Я не бывала в доме матери с тех пор, как Руби год назад отказалась от меня. Руби, самопровозглашенная святая материнства. Руби, превратившая мою жизнь в подобие «Шоу Трумана» для своих послушников из соцсетей. Руби, подвергавшая меня, моих братьев и сестер извращенным наказаниям в соответствии с такими же извращенными представлениями о преступлениях, – еще до того, как появилась Джоди, добавившая ей садизма.
Джоди. Наша собственная предводительница культа, лжепророк, ворвавшийся в наши жизни подобно урагану и превративший мою мать в покорную и преданную союзницу, которая впитывала каждое ее безумное слово, будто святую воду. Мой отец, некогда наша опора, был изгнан из семьи, а Руби и Джоди остались править четырьмя младшими детьми, по-прежнему жившими с ними.

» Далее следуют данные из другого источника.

Lemma basic_rule_sound br alts f :
  rule_app Ck br alts -> realizes f br -> realizes_some_child br alts f.
Proof.
  intros Hr Hbr.
  destruct Hr as [i a b H | i a b H | i a b H | i a b H | i a b H | i a b H | i a H
                 | i j a b H Hr | i j a b H Hj | i j a b H Hj | i j a b H Hr
                 | | | | | | | | ]; try discriminate.
  - premise Hbr H. apply (child_by_same [PF i a; PF i b]); simpl; auto.
    realize_alt; tauto.
  - premise Hbr H. destruct (classic (sat M (f i) a)).
    + apply (child_by_same [PF i (FNeg b)]); simpl; auto. realize_alt; tauto.
    + apply (child_by_same [PF i (FNeg a)]); simpl; auto. now realize_alt.
  - premise Hbr H. destruct H.
    + apply (child_by_same [PF i a]); simpl; auto. now realize_alt.
    + apply (child_by_same [PF i b]); simpl; auto. now realize_alt.
  - premise Hbr H. apply (child_by_same [PF i (FNeg a); PF i (FNeg b)]); simpl; auto.
    realize_alt; tauto.
  - premise Hbr H. destruct (classic (sat M (f i) a)).
    + apply (child_by_same [PF i b]); simpl; auto. realize_alt; tauto.
    + apply (child_by_same [PF i (FNeg a)]); simpl; auto. now realize_alt.
  - premise Hbr H. apply imply_to_and in H as [Ha Hb].
    apply (child_by_same [PF i a; PF i (FNeg b)]); simpl; auto. now realize_alt.
  - premise Hbr H. apply (child_by_same [PF i a]); simpl; auto.
    realize_alt. now apply NNPP.
  - premise Hbr H. premise Hbr Hr.
    apply (child_by_same [PF j b]); simpl; auto. realize_alt. auto.
  - pose proof (realizes_in _ _ _ Hbr H) as Hnbox. simpl in Hnbox.
    apply not_all_ex_not in Hnbox as [y Hy]. apply imply_to_and in Hy as [Hy Hb].
    apply (child_by_fresh [PR i a j; PF j (FNeg b)] _ _ _ j y); simpl; auto.
    realize_alt; rewrite update_eq; [| assumption].
    now rewrite (update_off_branch f j y br _ _ (proj2 Hj) H) by (simpl; auto).
  - pose proof (realizes_in _ _ _ Hbr H) as [y [Hy Hb]].
    apply (child_by_fresh [PR i a j; PF j b] _ _ _ j y); simpl; auto.
    realize_alt; rewrite update_eq; [| assumption].
    now rewrite (update_off_branch f j y br _ _ (proj2 Hj) H) by (simpl; auto).
  - premise Hbr H. premise Hbr Hr.
    apply (child_by_same [PF j (FNeg b)]); simpl; auto. realize_alt. eauto.
Qed.

Lemma rule_app_sound sys br alts f :
  (sys = Vc -> VC_model M) -> rule_app sys br alts -> realizes f br ->
  realizes_some_child br alts f.
Proof.
  intros HVC Hr Hbr.
  destruct Hr as [ | | | | | | | | | |
                 | _ i a _ | _ i j k a b Hr Hk
                 | e i j a Hr | e i j k a b H Hr Hk | e i j a H Hn Hr | e i _
                 | e i j a b H Hr | e i j k a b H Hr Hk];
    try (apply basic_rule_sound; [econstructor; eassumption | exact Hbr]);
    try specialize (HVC e).
  - destruct (classic (sat M (f i) a)).
    + apply (child_by_same [PF i a]); simpl; auto. now realize_alt.
    + apply (child_by_same [PF i (FNeg a)]); simpl; auto. now realize_alt.
  - premise Hbr Hr. destruct (pred_eq_or_differ (truth a) (truth b)) as [E | [z Hz]].
    + apply (child_by_same [PR i b j]); simpl; auto. realize_alt. now rewrite <- E.
    + destruct (classic (sat M z a)).
      * apply (child_by_fresh [PF k a; PF k (FNeg b)] _ _ _ k z); simpl; auto.
        realize_alt; rewrite update_eq; tauto.
      * apply (child_by_fresh [PF k (FNeg a); PF k b] _ _ _ k z); simpl; auto.
        realize_alt; rewrite update_eq; tauto.
  - premise Hbr Hr. apply (child_by_same [PF j a]); simpl; auto.
    realize_alt. eapply vc_R_sub_antecedent; eauto.
  - pose proof (realizes_in _ _ _ Hbr Hr) as Hr'. premise Hbr H.
    destruct (vc_R_nonempty HVC _ _ _ _ Hr' H) as [y Hy].
    apply (child_by_fresh [PR i b k] _ _ _ k y); simpl; auto.
    realize_alt.
    now rewrite update_eq, (update_off_branch f k y br _ _ (proj2 Hk) Hr) by (simpl; auto).
  - premise Hbr H. premise Hbr Hn. premise Hbr Hr.
    apply vc_R_top_self in Hr; auto. rewrite Hr in Hn. contradiction.
  - apply (child_by_same [PR i FTop i]); simpl; auto.
    realize_alt. now apply vc_R_top_refl.
  - premise Hbr H. premise Hbr Hr. apply (child_by_same [PR i (FAnd a b) j]); simpl; auto.
    realize_alt. now apply vc_R_and_intro.
  - premise Hbr H. premise Hbr Hr. premise Hbr Hk.
    destruct (vc_R_and_elim HVC _ _ _ _ _ Hr H Hk) as [Hrk Hb].
    apply (child_by_same [PF k b; PR i a k]); simpl; auto. now realize_alt.
Qed.

(* On a rooted nonempty branch a fresh index is never 1, so the root world x0
   survives every update. *)
Definition rooted (br : list pform) : Prop := br = [] \/ on_branch 1 br.

Definition realizable_at (x0 : U M) (br : list pform) : Prop :=
  exists f, f 1 = x0 /\ realizes f br.

Lemma realizable_not_closed x0 br : realizable_at x0 br -> ~ branch_closed br.
Proof.
  intros [f [_ Hbr]] [(i & c & H & Hn) | (i & H)].
  - premise Hbr H. premise Hbr Hn. auto.
  - premise Hbr H. exact H.
Qed.

Lemma closes_unrealizable sys A x0 br :
  (sys = Vc -> VC_model M) ->
  (forall a, In a A -> exists t, a = PF 1 t /\ sat M x0 t) ->
  closes sys A br -> rooted br -> ~ realizable_at x0 br.
Proof.
  intros HVC HA Hc. induction Hc as [br Hcl | br a Ha Hc IH | br alts Hr Hc IH];
    intros Hroot Hrl.
  - exact (realizable_not_closed x0 br Hrl Hcl).
  - destruct (HA a Ha) as [t [-> Ht]]. destruct Hrl as [f [Hf Hbr]].
    apply IH.
    + right. left. reflexivity.
    + exists f. split; [| constructor; simpl; rewrite ?Hf]; auto.
  - destruct Hroot as [-> | H1]; [exact (rule_app_nil _ _ Hr) |].
    destruct Hrl as [f [Hf Hbr]].
    destruct (rule_app_sound sys br alts f HVC Hr Hbr) as (alt & f' & Hin & Hbr' & Hagree).
    apply (IH alt Hin).
    + right. now apply on_branch_app.
    + exists f'. rewrite Hagree; auto.
Qed.

Lemma no_closed_tableau sys thetas :
  (sys = Vc -> VC_model M) -> satisfiable_in M thetas ->
  ~ closed_tableau_exists sys (assumptions thetas).
Proof.
  intros HVC [x0 Hx0] Hc.
  refine (closes_unrealizable sys _ x0 [] HVC _ Hc (or_introl eq_refl) _).
  - intros a Ha. apply in_map_iff in Ha as [t [<- Ht]]. eauto.
  - exists (fun _ => x0). split; [reflexivity | constructor].
Qed.

End Soundness.

Theorem mainTheorem8 :
  (forall (thetas : list form),
     (exists M : SegModel, satisfiable_in M thetas) ->
     ~ closed_tableau_exists Ck (assumptions thetas) /\
     ~ closed_tableau_exists CK (assumptions thetas)) /\
  (forall (thetas : list form),
     (exists M : SegModel, VC_model M /\ satisfiable_in M thetas) ->
     ~ closed_tableau_exists Vc (assumptions thetas)).
Proof.
  split.
  - intros thetas [M Hsat]. split; apply (no_closed_tableau M); easy.
  - intros thetas [M [HVC Hsat]]. now apply (no_closed_tableau M).
Qed.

Я ехала по знакомым улицам Спрингвилла, и глухой, глубоко въевшийся гнев закипал у меня внутри. Почему ни у кого не было информации о детях? Почему их забрали из школы? Почему никто не попытался их защитить?

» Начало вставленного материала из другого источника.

(* Let $X_1,\dots,X_r$ be independent random vectors in $\mathbb{R}^n$, and let $X$ be their coordinate-wise median (i.e. $X_j=\operatorname{median}_{i\in[r]}(X_i)_j$ for each coordinate $j$). Let $C>0$ and $p\ge 0$. If $\Pr[\|X_i\|_2<C]\ge 1-p$ for each $i$, then \[ \Pr[\|X\|_2<C\sqrt{3}]\ge 1-(11p)^{r/4}. \]
   Context: For even $r$ the median is the average of the two middle values. *)

From HB Require Import structures.
From mathcomp Require Import all_boot all_order all_algebra.
From mathcomp Require Import all_classical all_reals all_analysis.
Set Implicit Arguments. Unset Strict Implicit. Unset Printing Implicit Defensive.
Import Order.TTheory GRing.Theory Num.Theory.
Local Open Scope classical_set_scope.
Local Open Scope ring_scope.

(* Median of r real values: sort them; for odd r the middle value,
   for even r the average of the two middle values (r = 0 gives 0). *)
Definition median (R : realType) (r : nat) (x : 'I_r -> R) : R :=
  let s := sort <=%R [seq x i | i <- enum 'I_r] in
  if odd r then nth 0 s r./2
  else (nth 0 s r./2.-1 + nth 0 s r./2) / 2.

Definition norm2 (R : realType) (n : nat) (v : 'rV[R]_n) : R :=
  Num.sqrt (\sum_(j < n) v 0 j ^+ 2).

Definition coord_median (R : realType) (n r : nat) (v : 'I_r -> 'rV[R]_n)
  : 'rV[R]_n := \row_(j < n) median (fun i => v i 0 j).

Definition random_vector d (T : measurableType d) (R : realType) (n : nat)
  (Y : T -> 'rV[R]_n) : Prop :=
  forall j : 'I_n, measurable_fun setT (fun t => Y t 0 j).

(* sigma-algebra on T generated by a random vector Y (= preimages of Borel
   sets of R^n, the Borel sigma-algebra of R^n being generated by the
   coordinate projections) *)
Definition gen_sigma d (T : measurableType d) (R : realType) (n : nat)
  (Y : T -> 'rV[R]_n) : set (set T) :=
  <<s [set E | exists (j : 'I_n) (A : set R),
               measurable A /\ E = (fun t => Y t 0 j) @^-1` A] >>.

Definition mutually_independent d (T : measurableType d) (R : realType)
  (P : probability T R) (n r : nat) (X : 'I_r -> T -> 'rV[R]_n) : Prop :=
  forall E : 'I_r -> set T, (forall i, gen_sigma (X i) (E i)) ->
    P (\bigcap_(i in [set: 'I_r]) E i) = (\prod_(i < r) P (E i))%E.

(* Call an index i bad at t when |X_i(t)| >= C, let b be the number of bad
   indices and suppose 4b <= r.  For each coordinate j, at least half of the
   values X_i(t)_j have square at least m_j^2, where m_j is their median, and
   at least r/2 - b of these indices are good; summing over j gives
   (r/2 - b) |X(t)|^2 <= sum_{i good} |X_i(t)|^2 < (r - b) C^2 <= 3 (r/2 - b) C^2.
   Hence |X(t)| >= C sqrt 3 forces some set of k = floor(r/4) + 1 indices to be
   simultaneously bad.  By independence and the union bound this has
   probability at most C(r, k) p^k <= (11 p)^k <= (11 p)^(r/4) when 11 p <= 1. *)

From HB Require Import structures.
From mathcomp Require Import all_boot all_order all_algebra.
From mathcomp Require Import all_classical all_reals all_analysis.
From mathcomp Require Import zify ring lra.
Import Order.TTheory GRing.Theory Num.Theory.
Local Open Scope classical_set_scope.
Local Open Scope ring_scope.

Set Implicit Arguments. Unset Strict Implicit.

Section OrderStatistics.
Variable R : realType.

(* The [homo] hypothesis says that [P] is downward closed. *)
Lemma nth_sorted_count (P : pred R) (s : seq R) (k : nat) :
  sorted <=%R s -> {homo P : x y / y <= x >-> (x ==> y)%B} -> (k < size s)%N ->
  P (nth 0 s k) = (k < count P s)%N.
Proof.
move=> + Pdc; elim: s k => [//|x s IH] k /= srt ks.
have srt' : sorted <=%R s by apply: path_sorted srt.
have allx : all (>= x) s by apply: (order_path_min le_trans srt).
have cnt0 : ~~ P x -> count P s = 0%N.
  move=> nPx; apply/eqP; rewrite -leqn0 leqNgt -has_count; apply/hasPn => y ys.
  by apply: contra nPx => /(implyP (Pdc _ _ (allP allx y ys))).
case: k ks => [|k] ks /=.
  by case: (boolP (P x)) => Px //=; rewrite cnt0.
case: (boolP (P x)) => Px /=; first by rewrite add1n ltnS IH.
rewrite cnt0 // ltn0; apply/negbTE; apply: contra Px => Pn.
exact: (implyP (Pdc _ _ (allP allx _ (mem_nth 0 ks)))).
Qed.

Definition kth (r : nat) (x : 'I_r -> R) (k : nat) : R :=
  nth 0 (sort <=%R [seq x i | i <- enum 'I_r]) k.

Variables (r : nat) (x : 'I_r -> R).

Lemma size_kth_seq : size (sort <=%R [seq x i | i <- enum 'I_r]) = r.
Proof. by rewrite size_sort size_map size_enum_ord. Qed.

Lemma kth_count (P : pred R) k : {homo P : a b / b <= a >-> (a ==> b)%B} ->
  (k < r)%N -> P (kth x k) = (k < #|[set i | P (x i)]%SET|)%N.
Proof.
move=> Pdc kr; rewrite /kth nth_sorted_count ?size_kth_seq //; last first.
  exact: (sort_sorted (@le_total _ R)).
by rewrite count_sort count_map cardsE -sum1_card -sum1_count enumT.
Qed.

Lemma kth_le_kth k l : (k <= l)%N -> (l < r)%N -> kth x k <= kth x l.
Proof.
move=> kl lr; apply: (sorted_leq_nth le_trans lexx) => //.
- exact: (sort_sorted (@le_total _ R)).
- by rewrite inE size_kth_seq (leq_ltn_trans kl).
- by rewrite inE size_kth_seq.
Qed.

Lemma card_ge_kth k : (k < r)%N -> (r <= k + #|[set i | (kth x k <= x i)%R]%SET|)%N.
Proof.
move=> kr; have := kth_count (P := fun y => y < kth x k)
  (fun a b ba => introT implyP (le_lt_trans ba)) kr.
rewrite ltxx => /esym/negbT; rewrite -leqNgt => few_below.
have := cardsC [set i | x i < kth x k]%SET; rewrite card_ord.
have -> : ~: [set i | x i < kth x k]%SET = [set i | kth x k <= x i]%SET.
  by apply/finset.setP => i; rewrite !inE leNgt.
lia.
Qed.

Lemma card_le_kth k : (k < r)%N -> (k < #|[set i | (x i <= kth x k)%R]%SET|)%N.
Proof.
move=> kr; rewrite -(kth_count (P := fun y => y <= kth x k)) //.
by move=> a b ba; apply/implyP/(le_trans ba).
Qed.

Lemma kth_le_median : (0 < r)%N -> kth x (r.-1)./2 <= median x.
Proof.
move=> r_gt0; rewrite /median -/(kth x _) -/(kth x _) -/(kth x _).
have hr := odd_double_half r.
case: (boolP (odd r)) hr => /= odd_r hr.
  by have -> : (r.-1)./2 = r./2 by lia.
have -> : (r.-1)./2 = r./2.-1 by lia.
have : kth x r./2.-1 <= kth x r./2 by apply: kth_le_kth; lia.
lra.
Qed.

Lemma median_le_kth : (0 < r)%N -> median x <= kth x r./2.
Proof.
move=> r_gt0; rewrite /median -/(kth x _) -/(kth x _) -/(kth x _).
have hr := odd_double_half r.
case: (odd r) hr => /= hr //.
have : kth x r./2.-1 <= kth x r./2 by apply: kth_le_kth; lia.
lra.
Qed.

Lemma card_ge_median : (r <= 2 * #|[set i | (median x <= x i)%R]%SET|)%N.
Proof.
have [r0|r_gt0] := posnP r; first by rewrite {1}r0.
have half_lt : (r./2 < r)%N by lia.
have /subset_leq_card card_sub :
    [set i | kth x r./2 <= x i]%SET \subset [set i | median x <= x i]%SET.
  by apply/fintype.subsetP => i; rewrite !inE; apply/le_trans/median_le_kth.
have := card_ge_kth half_lt; lia.
Qed.

Lemma card_le_median : (r <= 2 * #|[set i | (x i <= median x)%R]%SET|)%N.
Proof.
have [r0|r_gt0] := posnP r; first by rewrite {1}r0.
have half_lt : ((r.-1)./2 < r)%N by lia.
have /subset_leq_card card_sub :
    [set i | x i <= kth x (r.-1)./2]%SET \subset [set i | x i <= median x]%SET.
  by apply/fintype.subsetP => i; rewrite !inE => /le_trans; apply; apply: kth_le_median.
have := card_le_kth half_lt; lia.
Qed.

Lemma card_ge_median_sqr : (r <= 2 * #|[set i | (median x ^+ 2 <= x i ^+ 2)%R]%SET|)%N.
Proof.
have [m_ge0|m_lt0] := leP 0 (median x).
- apply: (leq_trans card_ge_median); rewrite leq_mul2l; apply/orP; right.
  apply/subset_leq_card/fintype.subsetP => i; rewrite !inE => m_le.
  by rewrite ler_sqr ?nnegrE // (le_trans m_ge0 m_le).
- apply: (leq_trans card_le_median); rewrite leq_mul2l; apply/orP; right.
  apply/subset_leq_card/fintype.subsetP => i; rewrite !inE => le_m.
  by rewrite -sqrrN -[x i ^+ 2]sqrrN ler_sqr ?nnegrE; lra.
Qed.

End OrderStatistics.

Section MedianBound.
Variable R : realType.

Бесчисленные предупреждения поступали в Отдел опеки и попечительства и Департамент полиции как от меня, так и от неравнодушных соседей. Целый год мы разве что с крыши не кричали об этом, но, несмотря на все признаки неблагополучия, никаких действий не предпринималось. Как будто красные флаги, которыми мы размахивали, были невидимы, – система, предназначенная защищать моих братьев и сестер, бросила их на милость двух женщин, опьяненных иллюзиями и неограниченной властью.
Я свернула в наш сонный тупичок и оказалась в зоне военных действий. Полицейские джипы с включенными мигалками баррикадировали проезд. Спецназовцы топтали наш газон. Соседи группками стояли на тротуарах, и страх на их лицах мешался с любопытством.
Я выскочила из машины, и какой-то офицер с каменным выражением преградил мне дорогу.
– Я не могу пропустить вас дальше, мисс.
– Но это мой дом! – воскликнула я. – Младшие дети – они в порядке? Где они?
До меня долетали обрывки переговоров по рации. Что это, имя младшего брата? Его я услышала?
– Прошу! – взмолилась я. – Кто-нибудь объяснит мне, что здесь происходит?
Подошел другой полицейский и обратился ко мне:
– Мисс, можете описать планировку дома? Там есть сейфы? Оружие?
Сквозь слезы я сообщила ему необходимую информацию: семь спален, шесть ванных, где некогда мы боролись за возможность полюбоваться на себя в зеркале, семь единиц огнестрельного оружия, запертого в сейфе, кладовая, в которой можно пережить апокалипсис. В каждой комнате витали призраки тех, кем мы были когда-то.
В следующий миг начался хаос. Щепки полетели от передней двери под ударом тарана. Офицеры ворвались внутрь, словно разъяренные шмели. Я стояла, прикованная к месту, и смотрела.
«Боже, пожалуйста! Пусть они будут живы», – молилась я.
Внезапно в мозгу всплыла мысль: этот момент, кульминацию падения моей семьи в бездну безумия, необходимо снять на камеру, сохранить и выложить в соцсети. Как выкладывались все наши лживые улыбки и постановочная идиллия.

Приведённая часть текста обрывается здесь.